EDITOR'S NOTE: Apologies for not posting the last two days - we were in road-warrior mode and, apparently, the technology gods were none too happy...sorry 'bout that!

•   ArcSpace brings us Kiser's take on UNStudio's Arnhem Central Station in The Netherlands (only about 20 years in the making).

•   Venturi and Scott Brown win the 2016 AIA Gold Medal (they're the first pair, and she's the "first living woman" - and only the second woman - to win); LMN Architects takes home the 2016 AIA Architecture Firm Award; and lots more top honors (great presentation).

•   Arch Record names its 2015 Design Vanguard, an international bunch "that are championing new approaches to design and practice" (great presentation, too).

•   Eyefuls of the 2015 Canadian Architect Awards of Excellence winners.

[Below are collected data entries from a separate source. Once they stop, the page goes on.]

(* Let $f:\mathbb{N}_0^n\to[0,\infty)$ be subadditive and suppose there is a constant $D_0$ with $f(\boldsymbol k)-f(\boldsymbol k+\boldsymbol e_i)\le D_0$ for all $\boldsymbol k\in\mathbb{N}_0^n$, $i=1,\dots,n$. Extend $f$ to $\mathbb{R}_0^n$ by $f(\boldsymbol r)=f(\lceil\boldsymbol r\rceil)$ and let $\hat f(\boldsymbol r)=\lim_{t\to\infty}f(t\boldsymbol r)/t$. Then $\hat f$ is subadditive and convex on $\mathbb{R}_0^n$, and Lipschitz: $|\hat f(\boldsymbol r)-\hat f(\boldsymbol s)|\le D\sum_{i=1}^n|r_i-s_i|$ with $D=\max\{f(\boldsymbol e_1),\dots,f(\boldsymbol e_n),D_0\}$. Moreover, for every sequence $\boldsymbol r_t\in\mathbb{R}_0^n$ converging to a finite $\boldsymbol\lambda$, $\lim_{t\to\infty}f(t\boldsymbol r_t)/t=\hat f(\boldsymbol\lambda)$.
   Context: $\boldsymbol e_i$ is the $i$-th unit vector. A function $f:\mathbb{N}_0^n\to[0,\infty)$ is subadditive if $f(\boldsymbol k+\boldsymbol m)\le f(\boldsymbol k)+f(\boldsymbol m)$. The limit $\hat f(\boldsymbol r)$ exists and is finite and positively homogeneous for any nonnegative subadditive $f$ (so it is well defined here). Ceilings are coordinatewise. *)

From Stdlib Require Import Reals Lra Lia ZArith.
From Stdlib Require Vectors.Fin.
Open Scope R_scope.

Definition NVec (n : nat) := Fin.t n -> nat.
Definition RVec (n : nat) := Fin.t n -> R.

Definition unitv {n : nat} (i : Fin.t n) : NVec n :=
  fun j => if Fin.eq_dec i j then 1%nat else 0%nat.

Definition nadd {n : nat} (k m : NVec n) : NVec n := fun i => (k i + m i)%nat.
Definition radd {n : nat} (r s : RVec n) : RVec n := fun i => r i + s i.
Definition rscale {n : nat} (a : R) (r : RVec n) : RVec n := fun i => a * r i.

Definition nonnegv {n : nat} (r : RVec n) : Prop := forall i, 0 <= r i.

Definition subadditive {n : nat} (f : NVec n -> R) : Prop :=
  forall k m, f (nadd k m) <= f k + f m.

(* ceiling of a real: ceil x = - floor (-x), truncated to nat (used on x >= 0) *)
Definition ceilN (x : R) : nat := Z.to_nat (- Int_part (- x)).

Definition fext {n : nat} (f : NVec n -> R) (r : RVec n) : R :=
  f (fun i => ceilN (r i)).

Definition lim_infty (g : R -> R) (l : R) : Prop :=
  forall eps, 0 < eps -> exists T, forall t, T <= t -> Rabs (g t - l) < eps.

Fixpoint sumFin (n : nat) : (Fin.t n -> R) -> R :=
  match n with
  | O => fun _ => 0
  | S m => fun g => g Fin.F1 + sumFin m (fun i => g (Fin.FS i))
  end.

Fixpoint maxFin (n : nat) : (Fin.t n -> R) -> R -> R :=
  match n with
  | O => fun _ d => d
  | S m => fun g d => Rmax (g Fin.F1) (maxFin m (fun i => g (Fin.FS i)) d)
  end.

Definition vcv {n : nat} (r : nat -> RVec n) (l : RVec n) : Prop :=
  forall i, Un_cv (fun t => r t i) (l i).

(* For f : N_0^n -> [0,oo) subadditive with f(k) - f(k + e_i) <= D0, set
   D = max {f(e_1), ..., f(e_n), D0}.  The proof rests on one estimate:
   - a step along a unit vector changes f by at most D (upwards by
     subadditivity, downwards by D0), so |f k - f m| <= D sum_i |k_i - m_i|;
     the ceiling extension then satisfies |f(X) - f(Y)| <= D sum_i (|X_i - Y_i| + 1)
     and f(X + Y) <= f(X) + f(Y) + 2 D n on R_0^n.
   Hence t |-> f(t r) is subadditive up to a constant and locally bounded, and a
   real-variable Fekete lemma gives the limit fhat r of f(t r) / t.  Everything
   else is obtained by comparing growth rates (lemma [lim_linear_bound]):
   subadditivity and the Lipschitz bound pass to the limit because the errors are
   O(1) and D t sum_i |r_i - s_i| + O(1); homogeneity follows from rescaling
   t, convexity from subadditivity plus homogeneity, and the limit along
   t r_t from the Lipschitz bound, which makes |f(t r_t) - f(t lam)| / t small. *)

From Stdlib Require Import Reals Lra Lia ZArith Classical FunctionalExtensionality ClassicalEpsilon.
From Stdlib Require Vectors.Fin.
Open Scope R_scope.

•   Betsky offers a most interesting musing on the "changing of the old guard" of starchitects: "Here's to the next avant garde, with fear, loathing, and a great deal of hope."

•   Stott ponders whether "architectural preservationists know what they're fighting for. If architectural preservation is an act of recording history, what matters is not whether a given building is good, but rather whether it is important" (hopefully, "important" and "good" design will "coincide").

•   Altabe has a few issues with Libeskind's "point that architecture needs to be more confrontational" (more than Hadid's and Gehry's - and his own?) - "why can't the signs of turmoil in such buildings be artfully expressed?"

•   Stein reports on an in-depth symposium that explored "the vexed question of authenticity in architecture through the lens of copyright law."

•   Goldhagen digs deep into why The Broad, overall, is such "a disappointment. Its incoherence, its poor urbanism and its unoriginality suggest that the transition from critics to makers may have DS+R stumped."

•   King pulls out all the stops in a fascinating chronicle of the Lucas Museum saga (a fab read!).

•   Kamin reports that Smith + Gill's kilometer-high Jiddah Tower (formerly Kingdom Tower) gets the funding needed to keep it "on track to be world's tallest."

•   Wiles cheers Foster and Aravena as "unlikely allies in the pursuit of real architecture. In a world filled with architexture, it's pleasing to see architects examining their purpose, and finding the edge and role of the real thing."

•   Moore cheers Assemble and its "striking range of projects, including the Turner-shortlisted Granby Four Streets in Liverpool, that resolutely value people not profits. Let's hope they'll soon be planning cities."

•   Campbell-Dollaghan reports on the winning design to transform Singapore's defunct cross-country railroad "into the world's longest High Line" (15 miles long!).

•   American architects have "a steep learning curve to overcome" when it comes to designing to Passive House standards, "but the movement is starting to gain traction."

•   A neglected block of storefronts in Long Beach, CA, get a much-needed - and refreshingly lively - makeover (check out the before/after pix!).

•   Enterprise Community Partners issues "Ready to Respond: Strategies for Multifamily Building Resilience" manual that offers affordable housing owners "retrofit strategies that will help protect and adapt their properties to a variety of climate hazards."

•   Eyefuls of the six shortlisted designs for the Tintagel Castle footbridge: the "proposals show a love of materials and engineering panache."

•   Tuskegee University names alumna Carla Jackson Bell as dean of School of Architecture and Construction Science, "one of two African American women to be named dean of an architecture program and the first to lead a construction science program."